Cheng Cheng, Weiss Jeremy C
Carnegie Mellon University, Pittsburgh, PA, United States.
National Library of Medicine, Bethesda, MD, United States.
Proc Mach Learn Res. 2023 Aug;219:94-109.
Reliable extraction of temporal relations from clinical notes is a growing need in many clinical research domains. Our work introduces typed markers to the task of clinical temporal relation extraction.
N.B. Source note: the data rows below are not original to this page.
Lemma kindex_adjoin_cocycle c : c \in K -> sigma beta = c * beta ->
  (kindex p xi sigma delta < p)%N /\
  iter p sigma beta = z ^+ kindex p xi sigma delta * beta.
Proof.
move=> Kc sb; have [lt_ep Nc] := kindex_cocycle Kdelta delta_neq0 Kc (cocycle_root_expr sb).
by rewrite (iter_gal_cocycle _ sb) partial_norm_order // Nc.
Qed.

Lemma adjoin_stable c : c \in K -> sigma beta = c * beta -> (sigma @: E <= E)%VS.
Proof.
move=> Kc sb; rewrite aimg_adjoin; apply/FadjoinP; split.
  by rewrite /= limg_gal subv_adjoin.
by rewrite sb rpredM ?memv_adjoin ?(subvP (subv_adjoin K beta)).
Qed.

Section Stable.
Hypothesis sE : (sigma @: E <= E)%VS.

Lemma gal_adjoin_expgE n x : x \in E -> (tau ^+ n)%g x = iter n sigma x.
Proof.
move=> Ex; elim: n => [|n IHn]; first by rewrite expg0 gal_id.
by rewrite expgSr galM ?IHn ?galK // -IHn memv_gal.
Qed.

Lemma gal_adjoin_expg_eq1 m : ((tau ^+ (p * m))%g == 1%g) = (iter (p * m) sigma beta == beta).
Proof.
have tauK : (tau ^+ (p * m))%g \in 'Gal(E / K)%g.
  rewrite gal_kHom ?subv_adjoin //; apply/kAHomP => x Kx.
  by rewrite gal_adjoin_expgE ?(subvP (subv_adjoin K beta)) // iter_gal_order.
by rewrite (gal_adjoin_eq tauK (group1 _)) gal_id gal_adjoin_expgE ?memv_adjoin.
Qed.

Lemma gal_adjoin_notin_fix : tau \notin 'Gal(E / K)%g.
Proof.
apply/negP => tauK; have sigma_neq1 : sigma != 1%g.
  by apply: contraTneq (prime_gt1 p_pr) => s1; rewrite -sigma_order s1 order1.
case/negP: sigma_neq1; apply/gal_eqP => x Kx; have Ex := subvP (subv_adjoin K beta) x Kx.
by rewrite gal_id -(galK sE Ex) (fixed_gal (subv_adjoin K beta) tauK Kx).
Qed.

End Stable.

Lemma cyclic_adjoin_of_kindex : inJ p sigma 1 delta -> kindex p xi sigma delta != 0%N ->
  cyclic_ext_of_degree E (p ^ 2).
Proof.
move=> /(inJ1P delta_neq0)[c0 Kc0 sd] e_neq0.
have c0b_neq0 : c0 * beta != 0.
  rewrite mulf_neq0 ?beta_neq0 //; apply: contraNneq delta_neq0 => c0_0.
  by rewrite -(fmorph_eq0 sigma) /= sd c0_0 expr0n gtn_eqF ?prime_gt0 ?mul0r.
have [j sbj] : exists j : 'I_p, sigma beta = z ^+ j * (c0 * beta).
  by apply: prim_root_eq_expr z_prim c0b_neq0 _; rewrite -rmorphXn /= beta_p sd exprMn beta_p.
have Kc : z ^+ j * c0 \in K by rewrite rpredM // -scalar_exprE rpredZ ?rpred1.
have sb : sigma beta = (z ^+ j * c0) * beta by rewrite sbj mulrA.
have [lt_ep itp] := kindex_adjoin_cocycle Kc sb.
have sE := adjoin_stable Kc sb.
set e := kindex p xi sigma delta in e_neq0 lt_ep itp *.
have itpm m : iter (p * m) sigma beta = z ^+ (e * m) * beta.
  elim: m => [|m IHm]; first by rewrite !muln0 expr0 mul1r.
  rewrite mulnS iterD IHm -scalar_exprE iter_gal_alg_mul scalar_exprE itp.
  by rewrite mulrA -exprD mulnS addnC.
have tau_pp : (tau ^+ (p * p) = 1)%g.
  apply/eqP; rewrite gal_adjoin_expg_eq1 // itpm mulnC exprM (prim_expr_order z_prim).
  by rewrite expr1n mul1r.
have tau_p : (tau ^+ p != 1)%g.
  rewrite -[p in (tau ^+ p)%g]muln1 gal_adjoin_expg_eq1 // muln1 itp.
  rewrite -{2}[beta]mul1r (inj_eq (mulIf beta_neq0)).
  by rewrite -(prim_order_dvd z_prim) gtnNdvd ?lt0n.
rewrite -mulnn -(order_prime_sq p_pr tau_pp tau_p); apply: cyclic_ext_of_order.
by rewrite (order_prime_sq p_pr tau_pp tau_p) -{2}dimK dim_Fadjoin_root_le ?beta_p ?prime_gt0.
Qed.

Lemma adjoin_cocycle_of_abelian : galois 1 E -> abelian 'Gal(E / 1)%g ->
  (sigma @: E <= E)%VS -> exists2 c, c \in K & sigma beta = c * beta.
Proof.
move=> galE abE sE; have Eb := memv_adjoin K beta.
have galKE : galois K E by apply: galoisS galE; rewrite sub1v subv_adjoin.
have fixK : (fixedField 'Gal(E / K)%g <= K)%VS by rewrite (galois_fixedField galKE).
exists (sigma beta / beta); last by rewrite divfK ?beta_neq0.
apply: (subvP fixK); apply/fixedFieldP.
  by rewrite rpredM ?rpredV // -(galK sE Eb) memv_gal.
move=> g gK; have [i gb] : exists i : 'I_p, g beta = z ^+ i * beta.
  apply: prim_root_eq_expr z_prim beta_neq0 _.
  by rewrite -rmorphXn /= beta_p (fixed_gal (subv_adjoin K beta) gK Kdelta).
have comm : (tau * g = g * tau)%g by apply: (centsP abE); rewrite mem_Gal1.
have gsb : g (sigma beta) = z ^+ i * sigma beta.
  have Ezb : z ^+ i * beta \in E by rewrite rpredM // -scalar_exprE rpredZ ?rpred1.
  rewrite -[in LHS](galK sE Eb) -(galM _ _ Eb) comm (galM _ _ Eb) gb (galK sE Ezb).
  by rewrite rmorphM /= -scalar_exprE gal_alg.
by rewrite rmorphM fmorphV /= gsb gb invfM mulrACA divff ?mul1r // expf_neq0 ?z_neq0.
Qed.

Lemma kindex_of_cyclic_adjoin : cyclic_ext_of_degree E (p ^ 2) ->
  inJ p sigma 1 delta /\ kindex p xi sigma delta != 0%N.
Proof.
case=> galE cycE dimE; have [_ _ /(normalField_aimg_sub sigma) sE] := and3P galE.
have [c Kc sb] := adjoin_cocycle_of_abelian galE (cyclic_abelian cycE) sE.
split; first by apply/inJ1P => //; exists c; rewrite // (cocycle_root_expr sb).
apply/negP => /eqP e0; have [_] := kindex_adjoin_cocycle Kc sb.
rewrite e0 expr0 mul1r => itp.
have tau_p : (tau ^+ p = 1)%g by apply/eqP; rewrite -[p]muln1 gal_adjoin_expg_eq1 // muln1 itp.
have tau_neq1 : tau != 1%g by apply: contraNneq (gal_adjoin_notin_fix sE) => ->; rewrite group1.
have galKE : galois K E by apply: galoisS galE; rewrite sub1v subv_adjoin.
have card_EK : #|'Gal(E / K)%g| = p.
  by rewrite -(galois_dim galKE) dimE dimK expnS expn1 mulKn ?prime_gt0.
have : (<[tau]> == 'Gal(E / K))%g.
  rewrite (eq_subG_cyclic cycE) ?cycle_subG ?mem_Gal1 ?galS ?sub1v //.
  by rewrite -orderE (nt_prime_order p_pr tau_p tau_neq1) card_EK.
by move/eqP => tauE; case/negP: (gal_adjoin_notin_fix sE); rewrite -tauE cycle_id.
Qed.

End AdjoinRoot.

End CyclicDegreeP.

Section Kummer.
Variables (F : fieldType) (L : splittingFieldType F) (p : nat) (xi a : F) (alpha : L).
Variable sigma : gal_of <<1; alpha>>%VS.
Hypotheses (p_pr : prime p) (xi_prim : p.-primitive_root xi) (a_neq0 : a != 0).
Hypotheses (alpha_p : alpha ^+ p = a%:A) (sigma_alpha : sigma alpha = xi%:A * alpha).

Local Notation K := <<1; alpha>>%AS.
Local Notation z := (xi%:A : L).

Lemma alpha_neq0 : alpha != 0.
Proof.
apply: contraNneq a_neq0 => alpha0; move: alpha_p.
by rewrite alpha0 expr0n gtn_eqF ?prime_gt0 // => /esym/eqP; rewrite scaler_eq0 oner_eq0 orbF.
Qed.

Lemma iter_sigma_alpha n : iter n sigma alpha = z ^+ n * alpha.
Proof.
elim: n => [|n IHn]; first by rewrite mul1r.
by rewrite iterS IHn -scalar_exprE rmorphM /= gal_alg sigma_alpha scalar_exprE mulrA -exprSr.
Qed.

Lemma gal_alpha_eq (g h : gal_of K) : (g == h) = (g alpha == h alpha).
Proof. exact: (gal_adjoin_eq (K := 1%AS) (mem_Gal1 g) (mem_Gal1 h)). Qed.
We demonstrate that the addition of medical entity information to clinical text as tags with context sentences then input to a transformer-based architecture can outperform more complex systems requiring feature engineering and temporal reasoning. We propose several strategies of typed marker creation that incorporate entity type information at different granularities, with extensive experiments to test their effectiveness. Our system establishes the best result on I2B2, a clinical benchmark dataset for temporal relation extraction, with a F1 at 83.5% that provides a substantial 3.3% improvement over the previous best system.
从临床记录中可靠地提取时间关系在许多临床研究领域的需求日益增长。我们的工作将类型化标记引入到临床时间关系提取任务中。我们证明,将医学实体信息作为带有上下文句子的标签添加到临床文本中,然后输入到基于Transformer的架构中,其性能可以超过需要特征工程和时间推理的更复杂系统。我们提出了几种创建类型化标记的策略,这些策略在不同粒度上纳入了实体类型信息,并进行了广泛的实验来测试其有效性。我们的系统在I2B2(一个用于时间关系提取的临床基准数据集)上取得了最佳结果,F1值为83.5%,比之前的最佳系统有显著的3.3%的提升。